What’s your definition of healing? How would you go about the process of it?
MK: There is no simple answer to this, is there? Healing i feel is when you are able to acknowledge, process and release all trauma, memories and attachments that create your reality. There are so many processes to it and so many ways… I don’t think there is only one way. But essentially it begins with becoming more aware of your own self and behaviour.

Yoga in Pakistani media often does not represent the diversity of the human form or experience. What kinds of changes do you feel are necessary for a true paradigm shift?
MK: Well to be honest, I feel like yoga is just not that prevalent here. I feel like it’s just starting to be appreciated and adopted by people. I feel like as this market becomes bigger, the interest in it will become more wide spread and we will see a lot more diversity emerge in the practice. Yoga is really for everyone, and I think the more that people get into it, the more we will see that broader spectrum of experience being offered to people.

Can a person of any size/shape/fitness level start practicing yoga?
MK: Of course! Yoga is for everyone.

What’s your relationship to your own body? How has this changed over time?
MK: Well it has its ups and downs. I’ve always been very conscious about my body since I was a child. I think for anyone who has been chubby or overweight in their life, the stigma remains in-grained no matter what shape you become. So I have become a lot more accepting of my body, a lot less obsessive about working out and what I am eating, but then healing is not linear; I often go back to the same old relationship of judging my body, wishing it was different and how I would be happier if only I was 5kg lighter.

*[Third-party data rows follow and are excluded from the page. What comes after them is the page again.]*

(* Let $G$ be a graph without isolated vertices such that $d_G(u)+d_G(v)\ge 4$ for every edge $uv$ of $G$. Consider any stage of the total domination game on $G$ (starting with all vertices white) at which every legal move has value at most $4$, and let $R$ be the residual graph at this stage. Then every component $C$ of $R$ satisfies one of the following: (a) $C\cong P_4$, with both leaves blue and both internal vertices white; (b) $C\cong P_3$, with both leaves blue and the central vertex green; (c) $C\cong P_2$, with one vertex blue and the other green; (d) $C\cong P_2$, with one vertex blue and the other white.
   Context: The total domination game on a graph $G$ without isolated vertices: Dominator and Staller alternately choose vertices (Dominator first); a chosen vertex must be adjacent to at least one vertex not adjacent to any previously chosen vertex (such a vertex is a legal move); the game ends when every vertex of $G$ has a neighbor among the chosen vertices. At any stage, let $D$ be the set of vertices chosen so far. Each vertex is colored: white if it has no neighbor in $D$ and is not in $D$; green if it has no neighbor in $D$ but is in $D$; blue if it has a neighbor in $D$ but some neighbor of it has no neighbor in $D$; red if it and all its neighbors have a neighbor in $D$. Weights: white $3$, green $2$, blue $1$, red $0$; the value of a legal move is the decrease in the total weight (sum of all vertex weights) caused by playing it. The residual graph $R$ is obtained from $G$ by deleting all red vertices and all edges joining two blue vertices, with vertices keeping their colors. *)

From mathcomp Require Import all_boot.
Set Implicit Arguments. Unset Strict Implicit. Unset Printing Implicit Defensive.

Section TotalDomGame.
Variables (T : finType) (e : rel T).

Definition simple_graph : Prop := symmetric e /\ irreflexive e.
Definition no_isolated : Prop := forall v : T, exists u, e v u.
Definition deg (v : T) : nat := #|[set u | e v u]|.

(* D : seq T is the list of vertices chosen so far *)
Definition dominated (D : seq T) (v : T) : bool := has (e v) D.

Definition legal (D : seq T) (x : T) : bool := [exists u, e x u && ~~ dominated D u].

Fixpoint legal_from (D : seq T) (s : seq T) : bool :=
  match s with
  | [::] => true
  | x :: s' => legal D x && legal_from (rcons D x) s'
  end.
Definition is_play (s : seq T) : bool := legal_from [::] s.

Definition white (D : seq T) (v : T) : bool := ~~ dominated D v && (v \notin D).
Definition green (D : seq T) (v : T) : bool := ~~ dominated D v && (v \in D).
Definition blue (D : seq T) (v : T) : bool :=
  dominated D v && [exists u, e v u && ~~ dominated D u].
Definition red (D : seq T) (v : T) : bool :=
  dominated D v && [forall u, e v u ==> dominated D u].

Definition weight (D : seq T) (v : T) : nat :=
  if white D v then 3 else if green D v then 2 else if blue D v then 1 else 0.
Definition total_weight (D : seq T) : nat := \sum_(v : T) weight D v.

(* "value of x at most 4": total_weight D - total_weight (D ++ [x]) <= 4 (over integers) *)
Definition value_le4 (D : seq T) (x : T) : Prop :=
  total_weight D <= total_weight (rcons D x) + 4.

(* residual graph: non-red vertices; G-edges between them except blue-blue edges *)
Definition Redge (D : seq T) : rel T := fun x y =>
  [&& e x y, ~~ red D x, ~~ red D y & ~~ (blue D x && blue D y)].

Definition Rcomp (D : seq T) (v : T) : {set T} := [set u | connect (Redge D) v u].

Definition adj2 (a b x y : T) : bool := ((x == a) && (y == b)) || ((x == b) && (y == a)).

Definition comp_P4 (D : seq T) (C : {set T}) : Prop :=
  exists a b c d : T,
    [/\ uniq [:: a; b; c; d], C = [set a; b; c; d],
        (forall x y, x \in C -> y \in C -> Redge D x y = [|| adj2 a b x y, adj2 b c x y | adj2 c d x y]),
        blue D a && blue D d & white D b && white D c].

Definition comp_P3 (D : seq T) (C : {set T}) : Prop :=
  exists a b c : T,
    [/\ uniq [:: a; b; c], C = [set a; b; c],
        (forall x y, x \in C -> y \in C -> Redge D x y = adj2 a b x y || adj2 b c x y),
        blue D a && blue D c & green D b].

Definition comp_P2 (D : seq T) (C : {set T}) (col : seq T -> T -> bool) : Prop :=
  exists a b : T,
    [/\ a != b, C = [set a; b],
        (forall x y, x \in C -> y \in C -> Redge D x y = adj2 a b x y),
        blue D a & col D b].

End TotalDomGame.

From mathcomp Require Import all_boot zify.
Set Implicit Arguments. Unset Strict Implicit. Unset Printing Implicit Defensive.

(* Playing p
   lowers the weight of each undominated neighbour of p by at least 2, of a white p by
   at least 1, and of a blue vertex by 1 as soon as p dominates its last undominated
   neighbour.  As no legal move is worth more than 4, each of the following would yield
   a move of value at least 5 and so cannot occur: a dominated vertex with two
   undominated neighbours; a green vertex of degree at least 3; a white vertex with two
   undominated neighbours; an undominated vertex with an undominated neighbour and two
   dominated ones; a white vertex of degree at least 2 whose neighbours are all dominated.
   Every component of R contains an undominated vertex u, and a blue vertex is joined in
   R only to its unique undominated neighbour, so the component is read off from the
   neighbourhood of u.  When u has an undominated neighbour w, the degree condition on
   the edge uw is what forces both u and w to have a dominated neighbour, giving P4. *)

Section TotalDominationGame.
Variables (T : finType) (e : rel T).
Hypotheses (e_sym : symmetric e) (e_irr : irreflexive e).

Lemma sym_edge x y : e x y -> e y x.
Proof. by rewrite e_sym. Qed.

Lemma edge_neq x y : e x y -> x != y.
Proof. by move=> xy; apply: contraTneq xy => ->; rewrite e_irr. Qed.

Section Weights.
Variable D : seq T.
Local Notation dom := (dominated e D).

Lemma dominated_neq x y : dom x -> ~~ dom y -> x != y.
Proof. by move=> hx hy; apply: contraNneq hy => <-. Qed.

Lemma dominated_by_played x y : e x y -> y \in D -> dom x.
Proof. by move=> xy yD; apply/hasP; exists y. Qed.

Lemma undominated_nbr_notin x y : ~~ dom x -> e x y -> y \notin D.
Proof. by move=> hx xy; apply: contra hx; apply: dominated_by_played. Qed.

Lemma legalI p u : e p u -> ~~ dom u -> legal e D p.
Proof. by move=> pu hu; apply/existsP; exists u; rewrite pu. Qed.

Lemma blueI b u : dom b -> e b u -> ~~ dom u -> blue e D b.
Proof. by move=> hb bu hu; rewrite /blue hb; apply/existsP; exists u; rewrite bu. Qed.

Lemma weight_white x : ~~ dom x -> x \notin D -> weight e D x = 3.
Proof. by move=> hx xD; rewrite /weight /white hx xD. Qed.

Lemma weight_green x : ~~ dom x -> x \in D -> weight e D x = 2.
Proof. by move=> hx xD; rewrite /weight /white /green hx xD. Qed.

Lemma weight_dominated x : dom x -> weight e D x <= 1.
Proof. by move=> hx; rewrite /weight /white /green hx; case: ifP. Qed.

Lemma weight_blue b u : dom b -> e b u -> ~~ dom u -> weight e D b = 1.
Proof. by move=> hb bu hu; rewrite /weight /white /green hb (blueI hb bu hu). Qed.

Lemma weight_red x : dom x -> (forall y, e x y -> dom y) -> weight e D x = 0.
Proof.
move=> hx hN; rewrite /weight /white /green /blue hx /=.
by case: existsP => // -[y /andP [/hN ->]].
Qed.

End Weights.

Variable D : seq T.
Local Notation dom := (dominated e D).
Local Notation dom' p := (dominated e (rcons D p)).

Lemma dominated_rcons p x : dom' p x = e x p || dom x.
Proof. by rewrite /dominated has_rcons. Qed.

Lemma dominated_rconsW p x : dom x -> dom' p x.
Proof. by move=> hx; rewrite dominated_rcons hx orbT. Qed.

Lemma weight_rcons_le p x : weight e (rcons D p) x <= weight e D x.
Proof.
rewrite /weight /white /green /blue dominated_rcons mem_rcons in_cons.
case: (boolP (dom x)) => /= hx; last first.
  by case: (e x p); case: (x == p); case: (x \in D); case: existsP.
rewrite orbT /=; case: existsP => // [[y /andP [xy]]].
rewrite dominated_rcons negb_or => /andP [_ hy].
by case: existsP => // [[]]; exists y; rewrite xy.
Qed.

Definition wdrop p x := weight e D x - weight e (rcons D p) x.

Lemma wdrop_sum_le4 p (l : seq T) : value_le4 e D p -> uniq l ->
  \sum_(x <- l) wdrop p x <= 4.
Proof.
move=> hp ul.
suff : total_weight e (rcons D p) + \sum_(x <- l) wdrop p x <= total_weight e D.
  by move: hp; rewrite /value_le4; lia.
rewrite big_uniq // big_mkcond /total_weight -big_split /=.
apply: leq_sum => x _; have := weight_rcons_le p x; rewrite /wdrop; case: ifP => _; lia.
Qed.

Lemma wdrop_undominated p x : ~~ dom x -> e x p -> 2 <= wdrop p x.
Proof.
move=> hx xp; have hx' : dom' p x by rewrite dominated_rcons xp.
rewrite /wdrop; case: (boolP (x \in D)) => xD.
  rewrite weight_green // weight_red // => y xy.
  by apply: dominated_rconsW; apply: dominated_by_played (sym_edge xy) xD.
by rewrite weight_white //; have := weight_dominated hx'; lia.
Qed.

Lemma wdrop_played_white p : ~~ dom p -> p \notin D -> 1 <= wdrop p p.
Proof.
move=> hp pD; rewrite /wdrop weight_white // weight_green //.
  by rewrite dominated_rcons e_irr.
by rewrite mem_rcons mem_head.
Qed.

Lemma wdrop_blue_red p b u : dom b -> e b u -> ~~ dom u ->
  (forall y, e b y -> dom' p y) -> wdrop p b = 1.
Proof.
move=> hb bu hu hN.
by rewrite /wdrop (weight_blue hb bu hu) weight_red // dominated_rconsW.
Qed.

What are some other common, incorrect assumptions about yoga?
MK: Well people often take yoga as stretching, and while it’s not entirely incorrect, yoga is so much more than that!

Finally, what is the goal of yoga as you see it? Where do you see Mahgul/Soulmat in five years?
MK: The  ‘goal’ of  yoga is  essentially self realisation. The self being the ‘true self’ and that’s a journey that I think we all are on whether we see it that way or we don’t.
In five years I see Soulmat being a platform for all things yoga, healing and self awareness. More than that, if I am completely honest, I haven’t thought much about how I would like Soulmat as the platform to evolve. For myself, I think I can only imagine becoming softer, gentler, growing to become a better teacher, a better entrepreneur and hopefully a better person.